Prologue
Dans l’immensité de son domaine, une étincelle de pensée essayait de parvenir à la conscience. Ce nouvel Être ne savait pas ce que signifiait la conscience, mais il désirait atteindre cet état. Il voulait penser, réfléchir à son existence. Qui était-il ? Pourquoi était-il là ?
L’Être savait qu’il n’avait que peu de temps pour s’attarder sur ces questions. Les visions étaient sur le point de recommencer — les visions qui lui donnaient forme et qui en même temps le contrariaient. Ces visions ne lui offraient jamais de répit. Elles ne lui donnaient jamais l’occasion d’envisager son étrange réalité.
Dans les visions, tout était simple. L’Être savait des choses. Il était généralement féminin — bien que parfois, il faisait l’expérience du genre masculin. Il savait qui il était, même si c’était chaque fois une personne différente. Dans ces visions, le monde était simple. Compréhensible. Mais ce n’était qu’une illusion. La réalité de l’Être se trouvait en dehors de ces visions. La réalité de ne pas savoir, de ne pas comprendre. Le monde en dehors de ces visions était très différent du monde à l’intérieur.
Maintenant, une autre vision semblait se rapprocher.
L’Être se prépara, il savait qu’il allait à nouveau perdre connaissance.
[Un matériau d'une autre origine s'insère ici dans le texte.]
(* Let $A\subset\mathbb{Z}^d$ be finite with $\mathbb{Z}$-linear span $\mathbb{Z}^d$, $f=\bigoplus_{i\in A}p_i\odot w^i$ a tropical polynomial with support $A$, and $q\in\mathcal{T}(f)$ a point lying in the relative interior of a cell $\sigma^*$ of $\mathcal{T}(f)$ whose dual marked cell $\sigma$ is a pyramid. Then $q$ is not a singular point of $\mathcal{T}(f)$. In particular, if the marked coherent subdivision $\Pi_p$ is a triangulation, then $\mathcal{T}(f)$ is non-singular.
   Context: $\mathbb{K}$ is an algebraically closed field of characteristic $0$ with a rank-one non-archimedean valuation $val$ whose residue field has characteristic $0$. Tropical operations $\oplus=\min$, $\odot=+$; $f(w)=\min_{i\in A}(p_i+\langle i,w\rangle)$, all $p_i\in\mathbb{R}$; $\mathcal{T}(f)$ is the set of $w$ where this minimum is attained for at least two distinct $i$. A point $q\in\mathcal{T}(f)$ is singular if there exist $F=\sum_{i\in A}a_ix^i$ over $\mathbb{K}$ with $val(a_i)=p_i$ for all $i$ and $b\in(\mathbb{K}^* )^d$ with $val(b)=q$ such that $F(b)=0$ and all $\partial F/\partial x_j(b)=0$; $\mathcal{T}(f)$ is non-singular if it has no singular point. For $q\in\mathbb{R}^d$ let $\sigma_q=\{i\in A: p_i+\langle i,q\rangle=f(q)\}$. The marked coherent subdivision $\Pi_p$ of the convex hull of $A$ is the collection of the sets $\sigma_q$, $q\in\mathbb{R}^d$ (its marked cells). For a marked cell $\sigma$, its dual cell $\sigma^*$ is the closure of $\{q:\sigma_q=\sigma\}$, and $q$ lies in the relative interior of $\sigma^*$ iff $\sigma_q=\sigma$. A finite set $\sigma\subset\mathbb{R}^d$ is a pyramid if some $i\in\sigma$ does not lie in the affine span of $\sigma\setminus\{i\}$. $\Pi_p$ is a triangulation if every marked cell is affinely independent. *)

From HB Require Import structures.
From mathcomp Require Import all_boot all_order all_algebra.
From mathcomp Require Import reals.
Set Implicit Arguments. Unset Strict Implicit. Unset Printing Implicit Defensive.
Import Order.TTheory GRing.Theory Num.Theory.
Local Open Scope ring_scope.

(* A rank-one (real-valued) non-archimedean valuation on K, given on K^*
   (val 0 = +oo is implicit: the value of val at 0 is irrelevant). *)
Definition is_nonarch_valuation (R : realType) (K : fieldType) (val : K -> R) :=
  (forall x y : K, x != 0 -> y != 0 -> val (x * y) = val x + val y) /\
  (forall x y : K, x != 0 -> y != 0 -> x + y != 0 ->
      Num.min (val x) (val y) <= val (x + y)).

(* The residue field O/m has characteristic 0, where
   O = {x | x = 0 \/ val x >= 0},  m = {x | x = 0 \/ val x > 0}:
   for every n >= 1, n*1 does not lie in the maximal ideal m. *)
Definition residue_char0 (R : realType) (K : fieldType) (val : K -> R) :=
  forall n : nat, (0 < n)%N -> ~ ((n%:R : K) = 0 \/ 0 < val (n%:R : K)).

Definition intvR (R : realType) (d : nat) (i : 'rV[int]_d) : 'rV[R]_d :=
  map_mx (fun z : int => z%:~R) i.

Definition Zspan_full (d : nat) (A : seq 'rV[int]_d) :=
  forall v : 'rV[int]_d, exists c : 'rV[int]_d -> int,
    v = \sum_(i <- A) c i *: i.

Definition in_affine_span (R : realType) (d : nat) (S : seq 'rV[int]_d)
    (x : 'rV[int]_d) :=
  exists c : 'rV[int]_d -> R,
    \sum_(s <- S) c s = 1 /\ intvR R x = \sum_(s <- S) c s *: intvR R s.

Definition pyramid (R : realType) (d : nat) (sigma : seq 'rV[int]_d) :=
  exists2 i, i \in sigma & ~ in_affine_span R [seq j <- sigma | j != i] i.

Definition aff_indep (R : realType) (d : nat) (sigma : seq 'rV[int]_d) :=
  forall c : 'rV[int]_d -> R,
    \sum_(s <- sigma) c s = 0 -> \sum_(s <- sigma) c s *: intvR R s = 0 ->
    forall s, s \in sigma -> c s = 0.

Definition trop_term (R : realType) (d : nat) (p : 'rV[int]_d -> R)
    (i : 'rV[int]_d) (w : 'rV[R]_d) : R :=
  p i + \sum_(j < d) (i 0 j)%:~R * w 0 j.

Definition sigma_q (R : realType) (d : nat) (A : seq 'rV[int]_d)
    (p : 'rV[int]_d -> R) (q : 'rV[R]_d) : seq 'rV[int]_d :=
  [seq i <- A | all (fun j => trop_term p i q <= trop_term p j q) A].

Definition in_trop_hyp (R : realType) (d : nat) (A : seq 'rV[int]_d)
    (p : 'rV[int]_d -> R) (q : 'rV[R]_d) :=
  exists i j, [/\ i \in sigma_q A p q, j \in sigma_q A p q & i != j].

Definition is_triangulation (R : realType) (d : nat) (A : seq 'rV[int]_d)
    (p : 'rV[int]_d -> R) :=
  forall q : 'rV[R]_d, aff_indep R (sigma_q A p q).

Definition monom (K : fieldType) (d : nat) (b : 'rV[K]_d) (i : 'rV[int]_d) : K :=
  \prod_(k < d) (b 0 k) ^ (i 0 k).

Definition lpoly_eval (K : fieldType) (d : nat) (A : seq 'rV[int]_d)
    (a : 'rV[int]_d -> K) (b : 'rV[K]_d) : K :=
  \sum_(i <- A) a i * monom b i.

Definition lpoly_deriv_eval (K : fieldType) (d : nat) (A : seq 'rV[int]_d)
    (a : 'rV[int]_d -> K) (j : 'I_d) (b : 'rV[K]_d) : K :=
  \sum_(i <- A) a i * (i 0 j)%:~R *
     \prod_(k < d) (b 0 k) ^ (i 0 k - (k == j)%:Z).

Definition singular_point (R : realType) (K : fieldType) (val : K -> R)
    (d : nat) (A : seq 'rV[int]_d) (p : 'rV[int]_d -> R) (q : 'rV[R]_d) :=
  in_trop_hyp A p q /\
  exists (a : 'rV[int]_d -> K) (b : 'rV[K]_d),
    [/\ forall i, i \in A -> a i != 0 /\ val (a i) = p i,
        forall k : 'I_d, b 0 k != 0 /\ val (b 0 k) = q 0 k,
        lpoly_eval A a b = 0 &
        forall j : 'I_d, lpoly_deriv_eval A a j b = 0].

Definition trop_nonsingular (R : realType) (K : fieldType) (val : K -> R)
    (d : nat) (A : seq 'rV[int]_d) (p : 'rV[int]_d -> R) :=
  forall q : 'rV[R]_d, ~ singular_point val A p q.

From mathcomp Require Import all_boot all_order all_algebra.
From mathcomp Require Import reals.
From mathcomp Require Import lra ring.
Import Order.TTheory GRing.Theory Num.Theory.
Set Implicit Arguments. Unset Strict Implicit.
Local Open Scope ring_scope.

(* Suppose q is singular, witnessed by F = sum a_i x^i and b with val b = q.
   Euler's relations x_k dF/dx_k (b) = 0 together with F(b) = 0 give
   sum_i a_i l(i) b^i = 0 for every integer affine form l.  If sigma = sigma_q is
   a pyramid with apex i0, some such l vanishes on sigma \ {i0} but not at i0.
   The integers l(i) != 0 have valuation 0 because the residue field has
   characteristic 0, so the i0-term has valuation f(q), while every other nonzero
   term comes from some i outside sigma and has valuation > f(q): the sum cannot
   vanish.  A triangulation has only affinely independent cells, and every point
   of an affinely independent cell is an apex. *)

Section Valuation.
Variables (R : realType) (K : fieldType) (val : K -> R).
Hypothesis hval : is_nonarch_valuation val.

Lemma valuationM (x y : K) : x != 0 -> y != 0 -> val (x * y) = val x + val y.
Proof. by case: hval => hM _; apply: hM. Qed.

Lemma valuation1 : val 1 = 0.
Proof.
by have := valuationM (oner_neq0 K) (oner_neq0 K); rewrite mulr1 => h; lra.
Qed.

Lemma valuationN (x : K) : x != 0 -> val (- x) = val x.
Proof.
have hN1 : (-1 : K) != 0 by rewrite oppr_eq0 oner_neq0.
have valN1 : val (-1) = 0.
  by have := valuationM hN1 hN1; rewrite mulrNN mulr1 valuation1 => h; lra.
by move=> hx; rewrite -mulN1r valuationM // valN1 add0r.
Qed.

Lemma valuationV (x : K) : x != 0 -> val x^-1 = - val x.
Proof.
move=> hx; have := valuationM hx (invr_neq0 hx).
by rewrite mulfV // valuation1 => h; lra.
Qed.

Lemma valuationXn (x : K) (n : nat) : x != 0 -> val (x ^+ n) = n%:R * val x.
Proof.
move=> hx; elim: n => [|n IH]; first by rewrite expr0 valuation1 mul0r.
by rewrite exprS valuationM ?expf_neq0 // IH mulrSr mulrDl mul1r addrC.
Qed.

Lemma valuationXz (x : K) (z : int) : x != 0 -> val (x ^ z) = z%:~R * val x.
Proof.
move=> hx; case: z => n; first by rewrite -exprnP valuationXn.
by rewrite NegzE -exprnN valuationV ?expf_neq0 // valuationXn // mulrNz mulNr.
Qed.

Lemma monom_neq0 (d : nat) (b : 'rV[K]_d) (i : 'rV[int]_d) :
  (forall k, b 0 k != 0) -> monom b i != 0.
Proof. by move=> hb; apply/prodf_neq0 => k _; apply: expfz_neq0. Qed.

Lemma valuation_monom (d : nat) (b : 'rV[K]_d) (q : 'rV[R]_d) (i : 'rV[int]_d) :
  (forall k, b 0 k != 0 /\ val (b 0 k) = q 0 k) ->
  val (monom b i) = \sum_(k < d) (i 0 k)%:~R * q 0 k.
Proof.
move=> hb; set m := monom b i.
suff : m != 0 /\ val m = \sum_(k < d) (i 0 k)%:~R * q 0 k by case.
apply: (big_ind2 (fun x y => x != 0 /\ val x = y))
  => [|x1 x2 y1 y2 [h1 <-] [h2 <-]|k _].
- by rewrite oner_neq0 valuation1.
- by rewrite mulf_neq0 // valuationM.
- by have [hk <-] := hb k; rewrite expfz_neq0 // valuationXz.
Qed.

Lemma valuation_big_gt (I : Type) (r : seq I) (P : pred I) (F : I -> K) (v : R) :
  (forall i, P i -> F i = 0 \/ v < val (F i)) ->
  let s := \sum_(i <- r | P i) F i in s = 0 \/ (s != 0 /\ v < val s).
Proof.
move=> hF /=; apply: (big_ind (fun x => x = 0 \/ (x != 0 /\ v < val x))).
- by left.
- move=> x y [->|[hx vx]]; first by rewrite add0r.
  case=> [->|[hy vy]]; first by rewrite addr0; right.
  have [->|hxy] := eqVneq (x + y) 0; [by left | right; split=> //].
  case: hval => _ hmin; apply: lt_le_trans (hmin _ _ hx hy hxy).
  by rewrite lt_min vx vy.
- move=> i /hF [->|hv]; first by left.
  by have [->|hi] := eqVneq (F i) 0; [left | right].
Qed.

Lemma addr_dominant_neq0 (x : K) (I : Type) (r : seq I) (P : pred I)
    (F : I -> K) :
  x != 0 -> (forall i, P i -> F i = 0 \/ val x < val (F i)) ->
  x + \sum_(i <- r | P i) F i != 0.
Proof.
move=> hx /(valuation_big_gt r) /= [->|[hs vs]]; first by rewrite addr0.
apply/eqP => /eqP; rewrite addr_eq0 => /eqP hxs.
by move: vs; rewrite hxs valuationN // ltxx.
Qed.

Hypothesis hres : residue_char0 val.

Lemma natr_neq0 (n : nat) : (0 < n)%N -> (n%:R : K) != 0.
Proof. by move=> hn; apply/eqP => h; apply: (hres hn); left. Qed.

Lemma valuation_natr (n : nat) : (0 < n)%N -> val (n%:R : K) = 0.
Proof.
move=> hn; have val_ge0 m : (0 < m)%N -> 0 <= val (m%:R : K).
  case: m => // m _; elim: m => [|m IH]; first by rewrite valuation1.
  case: hval => _ hmin.
  have := hmin _ 1 (natr_neq0 (ltn0Sn m)) (oner_neq0 _).
  rewrite -mulrSr => /(_ (natr_neq0 (ltn0Sn _))); apply: le_trans.
  by rewrite le_min IH valuation1 lexx.
apply/eqP; rewrite eq_le val_ge0 // andbT leNgt; apply/negP => h.
by apply: (hres hn); right.
Qed.

Lemma intr_neq0 (z : int) : z != 0 -> (z%:~R : K) != 0.
Proof.
case: z => n hn; last by rewrite NegzE mulrNz oppr_eq0 natr_neq0.
by apply: natr_neq0; rewrite lt0n; apply: contra hn => /eqP ->.
Qed.

Lemma valuation_intr (z : int) : z != 0 -> val (z%:~R : K) = 0.
Proof.
case: z => n hn.
  by apply: valuation_natr; rewrite lt0n; apply: contra hn => /eqP ->.
by rewrite NegzE mulrNz valuationN ?natr_neq0 ?valuation_natr.
Qed.

End Valuation.

Definition homog (d : nat) (i : 'rV[int]_d) : 'rV[int]_(1 + d) :=
  row_mx (const_mx 1) i.

Definition affine_form (d : nat) (z : 'I_(1 + d) -> int) (i : 'rV[int]_d) : int :=
  \sum_(m < 1 + d) homog i 0 m * z m.

Lemma affine_formE (d : nat) (z : 'I_(1 + d) -> int) (i : 'rV[int]_d) :
  affine_form z i = z (lshift d ord0) + \sum_(k < d) i 0 k * z (rshift 1 k).
Proof.
rewrite /affine_form big_split_ord big_ord1 /homog row_mxEl mxE mul1r.
by congr (_ + _); apply: eq_bigr => k _; rewrite row_mxEr.
Qed.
― Seulement quelques gouttes de sang en échange de toute cette nourriture ? demanda la jeune fille en regardant les deux femmes plus âgées d’un air méfiant. Elles lui avaient demandé de se piquer le doigt et de toucher une drôle de sphère brillante avec son sang. Cela prit moins de deux secondes, pourtant elles lui donnèrent du pain et du fromage en guise de paiement — c’était plus de nourriture qu’elle n’en avait vu ces derniers mois. Il devait y avoir un piège. Ce genre de festin aurait pu sauver des dizaines de vies en territoire Kelvin.
― Oui, confirma l’une des femmes plus âgées, celle qui se nommait Esther. Seulement quelques gouttes de sang.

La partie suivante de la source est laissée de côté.